Overview of the Streptococcus mutans genes and pathways regulated by Nspd. (A) Volcano plots to visualize the differential gene expression in the Nspd group compared with the control group. The vertical lines correspond to a 1.5-fold difference in expression levels, and the horizontal line represents a P=0.05. The red dots in the plot represent mRNAs that were differentially expressed at significant levels. (B) Pathways that were upregulated in the Nspd group compared with the control group. (C) Pathways that were downregulated in the Nspd group compared with the control group. These data were obtained using the latest Kyoto Encyclopedia of Genes and Genomes database.
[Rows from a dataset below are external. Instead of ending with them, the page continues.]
Lemma mem_nu_box k' nu :
  (nu \in nu_box k') = nu_shape k' nu && all (all (fun e => e <= N)%N) nu.
Proof.
elim: k' nu => [|k' IH] nu.
  by case: nu => [|t nu] //; rewrite /Defs.nu_shape andbT; apply/esym/forallP => -[].
rewrite nu_boxS; apply/allpairsP/idP => [[[nu' t] [+ + ->]]|].
  by rewrite IH mem_tuples nu_shape_rcons all_rcons => /andP[-> ->] /andP[-> ->].
case/lastP: nu => [|nu t]; first by rewrite /Defs.nu_shape.
rewrite nu_shape_rcons all_rcons => /andP[/andP[shape_nu size_t] /andP[t_le nu_le]].
by exists (nu, t); rewrite IH mem_tuples shape_nu size_t t_le nu_le.
Qed.

Local Notation lhs k h := (lhs r B D0 x z i k h : F).

Lemma lhsS k' h : lhs k'.+1 h = lhs k' h * fps_powz (L k'.+1) (h k'.+1).
Proof. by rewrite /Defs.lhs fps_bigmulE big_nat_recr. Qed.

Lemma lhs_hshift k' t h : (k' < k)%N ->
  lhs k' h * \prod_(1 <= l < k'.+1) fps_powz (L l) (- pr k'.+1 l * (tdeg k'.+1 t)%:Z) =
  lhs k' (hshift k' t h).
Proof.
move=> lt_k'k; rewrite /Defs.lhs !fps_bigmulE -big_split /=; apply: eq_big_nat => l lk'.
by rewrite -fps_powzD /hshift 1?mulrC // Lser_mono0 //; lia.
Qed.

Lemma lhs_expand m : (mdeg m <= N)%N -> forall k' h, (k' <= k)%N ->
  eqm m (lhs k' h) (\sum_(nu <- nu_box k') (rhs_term k' h nu : F)).
Proof.
move=> le_mN; elim=> [|k' IH] h le_k'k.
  rewrite /Defs.lhs big_geq // big_seq1 /Defs.rhs_term /Defs.nu_shape /= big_geq // fps_scaleE.
  rewrite ifT; last by apply/forallP => -[].
  rewrite rmorph1 mul1r (_ : rhs_exp 0 [::] = mono0 n) ?yhat0 //.
  by apply/ffunP => q; rewrite !ffunE big_geq.
have jk : (1 <= k'.+1 <= k)%N by [].
rewrite lhsS.
apply: eqm_trans (eqmM (eqm_refl m (lhs k' h)) (fps_powz_Lser_expand (h k'.+1) jk le_mN)) _.
rewrite mulr_sumr nu_boxS (@big_allpairs_dep _ _ _ _ (fun=> seq nat) _ (@rcons _)).
rewrite exchange_big; apply: eqm_sum => t; rewrite mem_tuples => /andP[/eqP size_t _].
have rhs_rcons nu : nu \in nu_box k' -> rhs_term k'.+1 h (rcons nu t) =
    fpsC (tcoef k'.+1 (h k'.+1) t) * Y (mscale (tdeg k'.+1 t) (cpm k'.+1)) *
    rhs_term k' (hshift k' t h) nu.
  rewrite mem_nu_box => /andP[shape_nu _]; rewrite rhs_term_rcons //.
  by case/andP: shape_nu => /eqP.
rewrite (eq_big_seq _ rhs_rcons) -mulr_sumr mulrCA [X in _ * X]mulrCA mulrA lhs_hshift //.
exact: eqmM (eqm_refl m _) (IH _ (ltnW le_k'k)).
Qed.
The name of the pathway is noted on the left. The P-value indicates the significance of differential expression of the genes in the pathway. The smaller the P-value, the more significantly differentially expressed were the genes in the pathway (P=0.05 was the cut-off). The P-value was calculated using Fisher's exact test. The enrichment scores were expressed as -log10 units (P-value). Nspd, norspermidine; Sig, signaling; DE, differentially expressed.

Figure 9.

Network map of biofilm-associated genes, QS-associated genes and polyamine-associated genes. (A) The relationship among the polyamine-synthetase genes and the luxS gene. (B) The regulation of the biofilm-associated genes by the competence QS genes and AI-2 QS genes. This figure was created by our research group using the program at http://string-db.org/newstring.

Figure 10.

A schematic drawing of the three stages of Streptococcus mutans biofilm formation via BEUs in the control, Spd and Nspd groups. Nspd, norspermidine; BEU, bacteria-exopolysaccharide units.